▸ What you are asked to do
The answer must consist of each line of the records below that contains the string "Lemma".
(Source data)
Lemma bb_half_subnet_inv (R : P -> P -> Prop) :
  bb_half N2 R -> bb_half N1 (fun x y => R x y /\ places N1 x /\ places N1 y).
Proof.
  intros HR s1 s2 [H12 [P1 P2]] l m1 Ht.
  destruct (HR _ _ H12 _ _ (subnet_trans sub _ _ _ Ht))
    as [[Hl [m2 [He [H1 H2]]]] | [s [m2 [He [Ht2 [Hs Hm]]]]]].
  - destruct (eps_subnet_inv _ _ He P2) as [He1 Hp].
    left. split; auto. exists m2. split; auto.
    destruct m2 as [z |]; simpl in *; [| contradiction].
    destruct m1 as [y |]; simpl in *; [| contradiction].
    specialize (Hp z eq_refl). repeat split; eauto.
  - destruct (eps_subnet_inv _ _ He P2) as [He1 Hp]. specialize (Hp s eq_refl).
    assert (Ht1 : trans N1 s l m2) by (apply (subnet_trans_from sub); auto).
    right. exists s, m2. repeat split; auto.
    destruct Hm as [Hm | Hm]; [left; auto | right].
    destruct m1 as [y |], m2 as [z |]; simpl in *; try contradiction.
    repeat split; eauto.
Qed.

Lemma bbisimilar_subnet a b :
  places N1 a -> places N1 b -> (bbisimilar N1 a b <-> bbisimilar N2 a b).
Proof.
  intros Ha Hb. split.
  - intros [R [[Hp [HR HR']] Hab]]. exists R. split; auto. split; [| split].
    + intros x y Hxy. destruct (Hp _ _ Hxy). split; apply (subnet_places sub); auto.
    + apply bb_half_subnet; auto. intros x y Hxy; apply (Hp _ _ Hxy).
    + apply bb_half_subnet; auto. intros x y Hxy; apply (Hp _ _ Hxy).
  - intros [R [[Hp [HR HR']] Hab]].
    exists (fun x y => R x y /\ places N1 x /\ places N1 y). split; auto.
    split; [intros x y [_ [? ?]]; auto | split; [apply bb_half_subnet_inv; auto |]].
    eapply bb_half_ext; [| apply (bb_half_subnet_inv (transp _ R)); auto].
    intros x y; unfold transp; tauto.
Qed.

End Subnet.

Arguments subnet {H L K}.

Section AdditiveClosure.
Variables (H L K : Type).
Local Notation P := (proc H L K).
Implicit Types (R : P -> P -> Prop) (m : marking H L K).

Lemma add_clos_Forall2 R m1 m2 :
  add_clos R m1 m2 <-> exists m2', Forall2 R m1 m2' /\ Permutation m2' m2.
Proof.
  split.
  - induction 1 as [| s1 s2 m1 m2 Hs _ [m [F Pm]] | m1 m2 m1' m2' _ [m [F Pm]] P1 P2].
    + exists []; auto.
    + exists (s2 :: m); auto.
    + destruct (Permutation_Forall2 P1 F) as [m' [Pm' F']]. exists m'. split; auto.
      exact (perm_trans (Permutation_sym Pm') (perm_trans Pm P2)).
  - intros [m2' [F Pm]]. apply ac_perm with m1 m2'; auto.
    clear Pm. induction F; constructor; auto.
Qed.

Lemma add_clos_app R m1 m2 m3 m4 :
  add_clos R m1 m2 -> add_clos R m3 m4 -> add_clos R (m1 ++ m3) (m2 ++ m4).
Proof.
  rewrite !add_clos_Forall2. intros [m2' [F1 P1]] [m4' [F2 P2]].
  exists (m2' ++ m4'). split; [apply Forall2_app | apply Permutation_app]; auto.
Qed.

Lemma add_clos_refl R m : (forall x, In x m -> R x x) -> add_clos R m m.
Proof. induction m; intros Hr; constructor; simpl in *; auto. Qed.

Lemma add_clos_impl_in R S m1 m2 :
  (forall x y, In x m1 -> In y m2 -> R x y -> S x y) -> add_clos R m1 m2 -> add_clos S m1 m2.
Proof.
  rewrite !add_clos_Forall2. intros HRS [m2' [F Pm]]. exists m2'. split; auto.
  assert (Hin : forall y, In y m2' -> In y m2) by (intros; eapply Permutation_in; eauto).
  clear Pm. induction F; constructor; simpl in *; auto.
Qed.

Section Cancel.
Variable E : P -> P -> Prop.
Hypothesis E_trans : forall a b c, E a b -> E b c -> E a c.

(* If the copy of x on the right is matched to some z of l1 while x on the
   left is matched to y, then z E x E y lets z take y instead. *)
Lemma add_clos_cons_cancel x l1 l2 : add_clos E (x :: l1) (x :: l2) -> add_clos E l1 l2.
Proof.
  rewrite !add_clos_Forall2. intros [l2' [F Pm]].
  assert (Hx : In x l2') by (eapply Permutation_in; [apply Permutation_sym, Pm | left; auto]).
  destruct (in_split _ _ Hx) as [[| y l] [r ->]]; inversion F as [| ? ? ? ? Hxy F']; subst.
  - exists r. split; auto. apply (Permutation_cons_inv Pm).
  - destruct (Forall2_app_inv_r _ _ F') as [k1 [k2 [Fk1 [Fk2 ->]]]].
    inversion Fk2 as [| z ? k ? Hzx Fk]; subst.
    exists (l ++ y :: r). split.
    + apply Forall2_app; auto. constructor; eauto.
    + rewrite <- Permutation_middle. exact (Permutation_app_inv (y :: l) r [] l2 x Pm).
Qed.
(End Source data)
▸ Completed exercise
Lemma bb_half_subnet_inv (R : P -> P -> Prop) :
Lemma bbisimilar_subnet a b :
Lemma add_clos_Forall2 R m1 m2 :
Lemma add_clos_app R m1 m2 m3 m4 :
Lemma add_clos_refl R m : (forall x, In x m -> R x x) -> add_clos R m m.
Lemma add_clos_impl_in R S m1 m2 :
Lemma add_clos_cons_cancel x l1 l2 : add_clos E (x :: l1) (x :: l2) -> add_clos E l1 l2.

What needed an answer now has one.